▽

(* Let $k>l>0$ be coprime integers, $\lambda=\lambda_{k,l}$, and let $$T=\begin{pmatrix}1&k(1+\lambda)\\0&1\end{pmatrix},\qquad R=\begin{pmatrix}-1&-1\\1&0\end{pmatrix}.$$ Then the group $G=\langle R,T\rangle\subseteq \mathrm{PSL}(2,\mathbb{R})$ is discrete. Moreover, $$F=\{z\in\mathbb{H}:\ -2<\operatorname{Re}z<k(1+\lambda)-2,\ |z|>1,\ |z+1|>1\}$$ is a fundamental domain for the action of $G$ on $\mathbb{H}$ by Möbius transformations.
   Context: For coprime integers $k>l>0$, $\lambda_{k,l}$ denotes the positive solution of $k(\lambda+1)=l(\lambda^{-1}+1+\lambda)$. $\mathbb{H}$ is the upper half-plane. *)

From HB Require Import structures.
From mathcomp Require Import all_boot all_order all_algebra.
From mathcomp Require Import all_classical all_reals topology normedtype.
Set Implicit Arguments. Unset Strict Implicit. Unset Printing Implicit Defensive.
Import Order.TTheory GRing.Theory Num.Theory numFieldNormedType.Exports.
Local Open Scope ring_scope.
Local Open Scope classical_set_scope.

Definition mx2 {R : nzRingType} (a b c d : R) : 'M[R]_2 :=
  \matrix_(i < 2, j < 2)
    if i == 0 :> nat then (if j == 0 :> nat then a else b)
    else (if j == 0 :> nat then c else d).

Inductive gen_group {R : comUnitRingType} (S : 'M[R]_2 -> Prop) : 'M[R]_2 -> Prop :=
  | gg_one : gen_group S 1%:M
  | gg_gen g : S g -> gen_group S g
  | gg_inv g : S g -> gen_group S (invmx g)
  | gg_mul g h : gen_group S g -> gen_group S h -> gen_group S (g *m h).

(* Points of C are pairs (x, y) = x + i y; the upper half-plane. *)
Definition upper_half {R : realType} : set (R * R) := [set z | 0 < z.2].

(* Möbius action of g = (a b ; c d) on z = x + i y : (a z + b) / (c z + d). *)
Definition mobius {R : realType} (g : 'M[R]_2) (z : R * R) : R * R :=
  let a := g 0 0 in let b := g 0 1 in let c := g 1 0 in let d := g 1 1 in
  let x := z.1 in let y := z.2 in
  let den := (c * x + d) ^+ 2 + (c * y) ^+ 2 in
  (((a * x + b) * (c * x + d) + a * c * y ^+ 2) / den,
   (a * d - b * c) * y / den).

(* A subgroup of PSL(2,R), given by its full preimage Gt in SL(2,R)
   (so Gt is closed under g |-> -g), is discrete iff the identity is
   isolated in Gt (entrywise topology on 2x2 matrices). *)
Definition discrete_SL {R : realType} (Gt : 'M[R]_2 -> Prop) : Prop :=
  exists eps : R, 0 < eps /\
    forall g, Gt g -> (forall i j, `|g i j - (1%:M : 'M[R]_2) i j| < eps) ->
      g = 1%:M.

(* Fundamental domain (Katok's definition) for the action on H of the
   PSL(2,R) group whose preimage in SL(2,R) is Gt:
   F is an open subset of H, its translates by non-identity elements of
   the PSL group are disjoint from F, and the translates of its closure
   cover H. *)
Definition fundamental_domain {R : realType} (Gt : 'M[R]_2 -> Prop)
    (F : set (R * R)) : Prop :=
  [/\ F `<=` upper_half, open F,
      (forall g, Gt g -> g <> 1%:M -> g <> - 1%:M ->
         forall z, F z -> ~ F (mobius g z)) &
      (forall z, upper_half z -> exists g, Gt g /\ closure F (mobius g z))].

Definition Tmat {R : realType} (k : nat) (lam : R) : 'M[R]_2 :=
  mx2 1 (k%:R * (1 + lam)) 0 1.
Definition Rmat {R : realType} : 'M[R]_2 := mx2 (-1) (-1) 1 0.

(* Preimage in SL(2,R) of G = <R, T> in PSL(2,R). *)
Definition Gpre {R : realType} (k : nat) (lam : R) : 'M[R]_2 -> Prop :=
  gen_group (fun g => g = Rmat \/ g = Tmat k lam \/ g = - 1%:M).

Definition Fdom {R : realType} (k : nat) (lam : R) : set (R * R) :=
  [set z | 0 < z.2 /\ -2 < z.1 /\ z.1 < k%:R * (1 + lam) - 2 /\
           1 < z.1 ^+ 2 + z.2 ^+ 2 /\ 1 < (z.1 + 1) ^+ 2 + z.2 ^+ 2].

From HB Require Import structures.
From mathcomp Require Import all_boot all_order all_algebra.
From mathcomp Require Import all_classical all_reals topology normedtype realfun.
From mathcomp Require Import ring lra zify.
Import Order.TTheory GRing.Theory Num.Theory numFieldNormedType.Exports.
Set Implicit Arguments. Unset Strict Implicit. Unset Printing Implicit Defensive.
Local Open Scope ring_scope.
Local Open Scope classical_set_scope.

△

PROBLEM TO SOLVE: Look above for the line holding "all_reals topology normedtype." and the line holding "Prop) : Prop". Retype both, and every line between them, word for word and nothing else.

RESPONSE AREA:
From mathcomp Require Import all_classical all_reals topology normedtype.
Set Implicit Arguments. Unset Strict Implicit. Unset Printing Implicit Defensive.
Import Order.TTheory GRing.Theory Num.Theory numFieldNormedType.Exports.
Local Open Scope ring_scope.
Local Open Scope classical_set_scope.

Definition mx2 {R : nzRingType} (a b c d : R) : 'M[R]_2 :=
  \matrix_(i < 2, j < 2)
    if i == 0 :> nat then (if j == 0 :> nat then a else b)
    else (if j == 0 :> nat then c else d).

Inductive gen_group {R : comUnitRingType} (S : 'M[R]_2 -> Prop) : 'M[R]_2 -> Prop :=
  | gg_one : gen_group S 1%:M
  | gg_gen g : S g -> gen_group S g
  | gg_inv g : S g -> gen_group S (invmx g)
  | gg_mul g h : gen_group S g -> gen_group S h -> gen_group S (g *m h).

(* Points of C are pairs (x, y) = x + i y; the upper half-plane. *)
Definition upper_half {R : realType} : set (R * R) := [set z | 0 < z.2].

(* Möbius action of g = (a b ; c d) on z = x + i y : (a z + b) / (c z + d). *)
Definition mobius {R : realType} (g : 'M[R]_2) (z : R * R) : R * R :=
  let a := g 0 0 in let b := g 0 1 in let c := g 1 0 in let d := g 1 1 in
  let x := z.1 in let y := z.2 in
  let den := (c * x + d) ^+ 2 + (c * y) ^+ 2 in
  (((a * x + b) * (c * x + d) + a * c * y ^+ 2) / den,
   (a * d - b * c) * y / den).

(* A subgroup of PSL(2,R), given by its full preimage Gt in SL(2,R)
   (so Gt is closed under g |-> -g), is discrete iff the identity is
   isolated in Gt (entrywise topology on 2x2 matrices). *)
Definition discrete_SL {R : realType} (Gt : 'M[R]_2 -> Prop) : Prop :=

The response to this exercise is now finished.